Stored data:
Definition Acr (psi : vec2) : vec2 := fun p q =>
  match p with O => C0 | S k => Cmul (RtoC (sqrt (INR p))) (psi k q) end.
Definition Bcr (psi : vec2) : vec2 := fun p q =>
  match q with O => C0 | S k => Cmul (RtoC (sqrt (INR q))) (psi p k) end.
Definition Cplus (psi : vec2) : vec2 := fun p q =>
  Cmul (RtoC (/ sqrt 2)) (Cadd (Acr psi p q) (Bcr psi p q)).
Definition Cminus (psi : vec2) : vec2 := fun p q =>
  Cmul (RtoC (/ sqrt 2)) (Csub (Acr psi p q) (Bcr psi p q)).
Definition vac2 : vec2 := fun p q => Cmul (delta0 p) (delta0 q).

(* U|m,n> = U (a^dag)^m (b^dag)^n/sqrt(m!n!) |0,0>
          = ((a^dag+b^dag)/sqrt2)^m ((a^dag-b^dag)/sqrt2)^n /sqrt(m!n!) |0,0> *)
Definition Ubasis (m n : nat) : vec2 := fun p q =>
  Cmul (RtoC (/ sqrt (INR (fact m * fact n))))
       (Nat.iter m Cplus (Nat.iter n Cminus vac2) p q).

(* (U psi)(p,q) = sum_{m,n} <p,q|U|m,n> psi(m,n); U conserves total photon
   number, so only the terms with m + n = p + q are nonzero. *)
Definition BS (psi : vec2) : vec2 := fun p q =>
  Csum (fun m => Cmul (Ubasis m (p + q - m)%nat p q) (psi m (p + q - m)%nat))
       (S (p + q)).

(* tensor product of single-mode operators: (X (x) Y) = (X (x) I)(I (x) Y) *)
Definition tensor (X Y : vec -> vec) (psi : vec2) : vec2 := fun p q =>
  X (fun p' => Y (fun q' => psi p' q') q) p.

(* <psi|M|psi> = z : the double series over N x N (square partial sums)
   converges to z *)
Definition expect_is (psi : vec2) (M : vec2 -> vec2) (z : Cx) : Prop :=
  Ccv (fun N => Csum (fun p => Csum (fun q =>
          Cmul (Cconj (psi p q)) (M psi p q)) N) N) z.

Definition Prob (al : Cx) (P0 P1 : vec -> vec) (a b x y : bool) (z : Cx) : Prop :=
  expect_is (BS (NOON (xi_pa al) x y))
            (tensor (if a then P1 else P0) (parityP b)) z.

Definition J_is (al : Cx) (P0 P1 : vec -> vec) (z : Cx) : Prop :=
  exists z1 z2 z3 z4,
    Prob al P0 P1 false false false false z1 /\
    Prob al P0 P1 false false true true z2 /\
    Prob al P0 P1 true true false true z3 /\
    Prob al P0 P1 true true true false z4 /\
    z = Cmul (RtoC (/ 4)) (Cadd (Cadd z1 z2) (Cadd z3 z4)).

(* The exponential series and its first two moments give
      [sum_n w(n) conj(u n) (v n)] for [u, v] in [{|g>, a^dag|g>}] and the weights
      [w(n) = a + b (-1)^n] (weight [1]: inner products; weight [(-1)^n]: photon-number
      parity). Sesquilinearity then gives the pairings of [|g>],
      [perp = (a^dag - g^* )|g>] and [plus = (a^dag + g^* )|g>].
   2. The output state. Iterating the transformed creation operators shows that [U]
      maps [|n,0>] and [|0,n>] to binomial superpositions. For the photon-added
      coherent state (which has no vacuum component) and [beta = alpha/sqrt 2]:
        [U|Phi_xy>(p,q) = c ((-1)^x + (-1)^y (-1)^q) (perp(p) beta(q) + beta(p) plus(q))].
   3. Measurement. Bob's parity outcome is [x xor y] with certainty; Alice's outcome 0
      keeps the [perp(p)] term and outcome 1 the [beta(p)] term. The double series of
      each probability thus factorizes into products of pairings from part 1, giving
      the four probabilities and [J]. *)
From Pilot Require Import Defs.
From Stdlib Require Import Reals Lra Lia Arith FunctionalExtensionality.
Open Scope R_scope.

Problem description: Set down the lines above as they stand, starting with the first line and ending with the line that contains "X (fun p' => Y (fun q' => psi p' q') q) p.".

Written answer:
Definition Acr (psi : vec2) : vec2 := fun p q =>
  match p with O => C0 | S k => Cmul (RtoC (sqrt (INR p))) (psi k q) end.
Definition Bcr (psi : vec2) : vec2 := fun p q =>
  match q with O => C0 | S k => Cmul (RtoC (sqrt (INR q))) (psi p k) end.
Definition Cplus (psi : vec2) : vec2 := fun p q =>
  Cmul (RtoC (/ sqrt 2)) (Cadd (Acr psi p q) (Bcr psi p q)).
Definition Cminus (psi : vec2) : vec2 := fun p q =>
  Cmul (RtoC (/ sqrt 2)) (Csub (Acr psi p q) (Bcr psi p q)).
Definition vac2 : vec2 := fun p q => Cmul (delta0 p) (delta0 q).

(* U|m,n> = U (a^dag)^m (b^dag)^n/sqrt(m!n!) |0,0>
          = ((a^dag+b^dag)/sqrt2)^m ((a^dag-b^dag)/sqrt2)^n /sqrt(m!n!) |0,0> *)
Definition Ubasis (m n : nat) : vec2 := fun p q =>
  Cmul (RtoC (/ sqrt (INR (fact m * fact n))))
       (Nat.iter m Cplus (Nat.iter n Cminus vac2) p q).

(* (U psi)(p,q) = sum_{m,n} <p,q|U|m,n> psi(m,n); U conserves total photon
   number, so only the terms with m + n = p + q are nonzero. *)
Definition BS (psi : vec2) : vec2 := fun p q =>
  Csum (fun m => Cmul (Ubasis m (p + q - m)%nat p q) (psi m (p + q - m)%nat))
       (S (p + q)).

(* tensor product of single-mode operators: (X (x) Y) = (X (x) I)(I (x) Y) *)
Definition tensor (X Y : vec -> vec) (psi : vec2) : vec2 := fun p q =>
  X (fun p' => Y (fun q' => psi p' q') q) p.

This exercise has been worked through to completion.